After giving the type of each column, this method uses the as method to convert it to Dataset, which is very convenient when the data type is DataFrame and needs to be processed for each field. When using some special operations, be sure to add import spark implicits._ Otherwise, toDF and toDS cannot be used.

2.5 RDD,DataFrame,DataSet

In SparkSQL, Spark provides us with two new abstractions: DataFrame and DataSet. What's the difference between them and RDD? First of all, from the perspective of version generation:
RDD (Spark1.0) —> Dataframe(Spark1.3) —> Dataset(Spark1.6)
If the same data is given to these three data structures, they will give the same results after calculation respectively. The difference is their execution efficiency and execution mode.
In later versions of Spark, DataSet will gradually replace RDD and DataFrame as the only API interface.

2.5.1 commonality of the three

1. RDD, DataFrame and Dataset are all distributed elastic data sets under spark platform, which provide convenience for processing super large data
2. All three have inert mechanisms. They will not be executed immediately when creating and converting, such as map method. They will start traversing operations only when they encounter actions such as foreach.
3. All three will automatically cache operations according to the memory condition of spark, so that even if the amount of data is large, there is no need to worry about memory overflow.
4. All three have the concept of partition
5. The three have many common functions, such as filter, sorting and so on
6. When operating on DataFrame and Dataset, many operations need to be supported by this package
import spark.implicits._
7. Both DataFrame and Dataset can use pattern matching to obtain the value and type of each field
DataFrame:

testDF.map{
      case Row(col1:String,col2:Int)=>
        println(col1);println(col2)
        col1
      case _=>
        ""
    }

Dataset:

case class Coltest(col1:String,col2:Int)extends Serializable //Define field name and type
    testDS.map{
      case Coltest(col1:String,col2:Int)=>
        println(col1);println(col2)
        col1
      case _=>
        ""
    }

2.5.2 differences among the three

  1. RDD:
    1) RDD is generally used together with spark mlib
    2) The sparksql operation is not supported by RDD
  2. DataFrame:
    1) Unlike RDD and Dataset, the type of each Row of DataFrame is fixed as Row, and the value of each column cannot be accessed directly. The value of each field can be obtained only through parsing, such as:
testDF.foreach{
  line =>
    val col1=line.getAs[String]("col1")
    val col2=line.getAs[String]("col2")
}

2) DataFrame and Dataset are generally not used together with spark mlib
3) Both DataFrame and Dataset support sparksql operations, such as select and groupby. They can also register temporary tables / windows for sql statement operations, such as:

dataDF.createOrReplaceTempView("tmp")
spark.sql("select  ROW,DATE from tmp where DATE is not null order by DATE").show(100,false)

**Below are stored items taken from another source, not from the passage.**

(* Let $A=\mathbb{C}[x_1,x_2,\dots]$ and let $d:A\to A$ be the derivation with $dx_1=0$ and $dx_i=x_{i-1}$ for $i>1$. For any integers $n\ge\ell\ge1$, any $i\ge0$, and any $\beta=(\beta_1,\dots,\beta_\ell)\in B^{(\ell)}_n(i)$, $$d\,g_{(\beta_1,\dots,\beta_\ell)}(\vec x)=\begin{cases}0,& i=0,\\ g_{(\beta_1-1,\beta_2,\dots,\beta_\ell)}(\vec x),& i>0.\end{cases}$$
   Context: For $n\ge\ell\ge1$, $B^{(\ell)}_n=\{\beta=(\beta_1,\dots,\beta_\ell)\in\mathbb{Z}^\ell:\beta_1,\dots,\beta_{\ell-1}\ge0,\ \beta_\ell\ge1,\ \beta_1+2\beta_2+\cdots+\ell\beta_\ell=n\}$. For $i\ge0$ and $n\ge\ell>1$, $B^{(\ell)}_n(i)=\{\beta\in B^{(\ell)}_n:\beta_1=i\}$; for $\ell=1$, $B^{(1)}_n(i)=\{(i+1)\}$ if $n=i+1$ and $\emptyset$ otherwise. For $\vec k=(k_1,\dots,k_\ell)$, $e_j(\vec k)$ is the $j$-th elementary symmetric polynomial and $e^\beta(\vec k)=e_1(\vec k)^{\beta_1}\cdots e_\ell(\vec k)^{\beta_\ell}$. For $\beta\in B^{(\ell)}_n$ the polynomial $g_\beta(\vec x)\in A$ is defined by $$\sum_{\substack{i_1,\dots,i_\ell\ge1\\ i_1+\cdots+i_\ell=n}} k_1^{i_1}\cdots k_\ell^{i_\ell}x_{i_1}\cdots x_{i_\ell}=\sum_{\beta\in B^{(\ell)}_n} e^\beta(k_1,\dots,k_\ell)\,g_\beta(\vec x)$$ (in particular $g_{(m)}(\vec x)=x_m$ for $\ell=1$). *)

From HB Require Import structures.
From mathcomp Require Import all_boot all_order all_algebra all_field.
From mathcomp Require Import mpoly.
Set Implicit Arguments. Unset Strict Implicit. Unset Printing Implicit Defensive.
Import GRing.Theory.
Local Open Scope ring_scope.

(* A_m = C[x_1, ..., x_m]; the variable x_j (j >= 1) is 'X_(j-1).
   xv m j = x_j for 1 <= j <= m, and 0 otherwise (only used for j <= m). *)
Definition xv (m : nat) (j : nat) : {mpoly algC[m]} :=
  match j with
  | 0 => 0
  | j'.+1 => match insub j' with Some i => 'X_i | None => 0 end
  end.

(* beta (as a seq of length l, beta_1 = nth 0 beta 0) lies in B^(l)_n *)
Definition inB (n l : nat) (beta : seq nat) : bool :=
  [&& size beta == l, 0 < l, 0 < nth 0 beta l.-1 &
      \sum_(j < l) j.+1 * nth 0 beta j == n]%N.

(* B^(l)_n(i), with the paper's special convention for l = 1 *)
Definition inBi (n l i : nat) (beta : seq nat) : bool :=
  if (1 < l)%N then inB n l beta && (nth 0 beta 0 == i)
  else (l == 1%N) && (beta == [:: i.+1]) && (n == i.+1).

Definition decr_head (beta : seq nat) : seq nat :=
  (nth 0 beta 0).-1 :: behead beta.

(* e^beta(k_1,...,k_l) in A[k_1,...,k_l], with k_j = 'X_(j-1) *)
Definition ebeta (A : comRingType) (l : nat) (beta : seq nat) : {mpoly A[l]} :=
  \prod_(j < l) mesym l A j.+1 ^+ nth 0 beta j.

Definition genS (m n l : nat) : {mpoly {mpoly algC[m]}[l]} :=
  \sum_(t : l.-tuple 'I_n.+1 |
          [&& (\sum_(j < l) val (tnth t j) == n)%N & all (fun i : 'I_n.+1 => 0 < val i)%N t])
     \prod_(j < l) ('X_j ^+ val (tnth t j) * (xv m (val (tnth t j)))%:MP).

(* the defining identity of the polynomials g_beta, for given n, l *)
Definition g_identity (m : nat) (g : seq nat -> {mpoly algC[m]}) (n l : nat) : Prop :=
  genS m n l =
  \sum_(t : l.-tuple 'I_n.+1 | inB n l [seq val i | i <- t])
     ebeta _ l [seq val i | i <- t] * (g [seq val i | i <- t])%:MP.

From HB Require Import structures.
From mathcomp Require Import all_boot all_order all_algebra all_field.
From mathcomp Require Import mpoly zify.
Set Implicit Arguments. Unset Strict Implicit. Unset Printing Implicit Defensive.
Import GRing.Theory.
Local Open Scope ring_scope.

(* Extend d coefficientwise to polynomials in k_1, ..., k_l over A.  On the
   generating sum S_n = \sum k_1^i_1 ... k_l^i_l x_i_1 ... x_i_l, d lowers one
   index i_p by one, so d(S_n) = e_1(k) S_(n-1).  The e_j(k) have constant
   coefficients, hence d commutes with the substitution y_j := e_j(k); writing
   S_n = \sum_beta g_beta e^beta and using that e_1, ..., e_l are algebraically
   independent, \sum_beta d(g_beta) y^beta = y_1 \sum_beta g_beta y^beta.
   Comparing the coefficients of y^beta gives the claim. *)

Definition mesyms (K : comNzRingType) (l : nat) : l.-tuple {mpoly K[l]} :=
  [tuple mesym l K i.+1 | i < l].

Lemma map_mpoly_comp_mesymsX (K L : comNzRingType) (f : {rmorphism K -> L})
    (l : nat) (mu : 'X_{1..l}) :
  map_mpoly f ('X_[mu] \mPo mesyms K l) = 'X_[mu] \mPo mesyms L l.
Proof.
rewrite !comp_mpolyX rmorph_prod; apply: eq_bigr => i _.
rewrite rmorphXn !tnth_mktuple !mesymE rmorph_sum; congr (_ ^+ _).
by apply: eq_bigr => h _; exact: map_mpolyX.
Qed.

Section Derivation.

Variables (R : comNzRingType) (d : R -> R).
Hypothesis dD : {morph d : x y / x + y}.
Hypothesis dM : forall x y, d (x * y) = x * d y + d x * y.

Lemma derivation0 : d 0 = 0.
Proof. by apply: (addrI (d 0)); rewrite -dD !addr0. Qed.

Lemma derivation1 : d 1 = 0.
Proof.
have := dM 1 1; rewrite !mul1r mulr1 => d1.
by apply: (addrI (d 1)); rewrite -d1 addr0.
Qed.

Lemma derivation_big_prod (I : eqType) (r : seq I) (F : I -> R) : uniq r ->
  d (\prod_(i <- r) F i) = \sum_(i <- r) d (F i) * \prod_(j <- r | j != i) F j.
Proof.
elim: r => [_|a r IHr /= /andP[a_r uniq_r]]; first by rewrite !big_nil derivation1.
rewrite !big_cons dM IHr // eqxx /= addrC; congr (_ + _).
  rewrite [in RHS]big_rmcond_in // => j j_r; rewrite negbK => /eqP eq_ja.
  by rewrite -eq_ja j_r in a_r.
rewrite mulr_sumr; apply: eq_big_seq => i i_r.
have a_neq_i : a != i by apply: contraNneq a_r => ->.
by rewrite big_cons a_neq_i mulrCA.
Qed.

#[local] HB.instance Definition _ := GRing.isNmodMorphism.Build R R d (derivation0, dD).

Lemma map_mpoly_derivationE (n : nat) (p : {mpoly R[n]}) :
  map_mpoly d p = \sum_(mu <- msupp p) d p@_mu *: 'X_[mu].
Proof.
by apply: eq_bigr => mu _; rewrite /= mmap1_id mul_mpolyC.
Qed.

Lemma map_mpoly_derivationZ (n : nat) (c : R) (q : {mpoly R[n]}) :
  (forall mu, d q@_mu = 0) -> map_mpoly d (c *: q) = d c *: q.
Proof.
move=> dq0; apply/mpolyP => mu.
by rewrite mcoeff_map_mpoly /= !mcoeffZ dM dq0 mulr0 add0r.
Qed.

4) DataFrame and Dataset support some particularly convenient saving methods, such as saving as csv, which can be carried with the header, so that the field name of each column is clear at a glance

//preservation
val saveoptions = Map("header" -> "true", "delimiter" -> "\t", "path" -> "hdfs://cluster/test")
datawDF.write.format("com.jackyan.spark.csv").mode(SaveMode.Overwrite).options(saveoptions).save()
//read
val options = Map("header" -> "true", "delimiter" -> "\t", "path" -> "hdfs://hadoop102:9000/test")
val datarDF= spark.read.options(options).format("com.jackyan.spark.csv").load()

With this saving method, the correspondence between field names and columns can be easily obtained, and the delimiter can be specified freely.

  1. Dataset:
    1) Dataset and DataFrame have exactly the same member functions, except that the data type of each row is different.
    2) DataFrame can also be called Dataset[Row]. The type of each Row is Row, which is not parsed. It is impossible to know which fields each Row has and what types each field is. You can only use the getAS method mentioned above or the pattern matching mentioned in Article 7 of the commonality to take out specific segments. In the Dataset, the type of each Row is not certain. After customizing the case class, you can get the information of each Row freely
case class Coltest(col1:String,col2:Int)extends Serializable //Define field name and type
/**
 rdd
 ("a", 1)
 ("b", 1)
 ("a", 1)
**/
val test: Dataset[Coltest]=rdd.map{line=>
      Coltest(line._1,line._2)
    }.toDS
test.map{
      line=>
        println(line.col1)
        println(line.col2)
    }

It can be seen that Dataset is very convenient when you need to access a field in the column. However, if you want to write some functions with strong adaptability, if you use Dataset, the type of row is uncertain, which may be various case class es, which can not realize adaptation. At this time, you can better solve the problem by using DataFrame, that is, Dataset[Row]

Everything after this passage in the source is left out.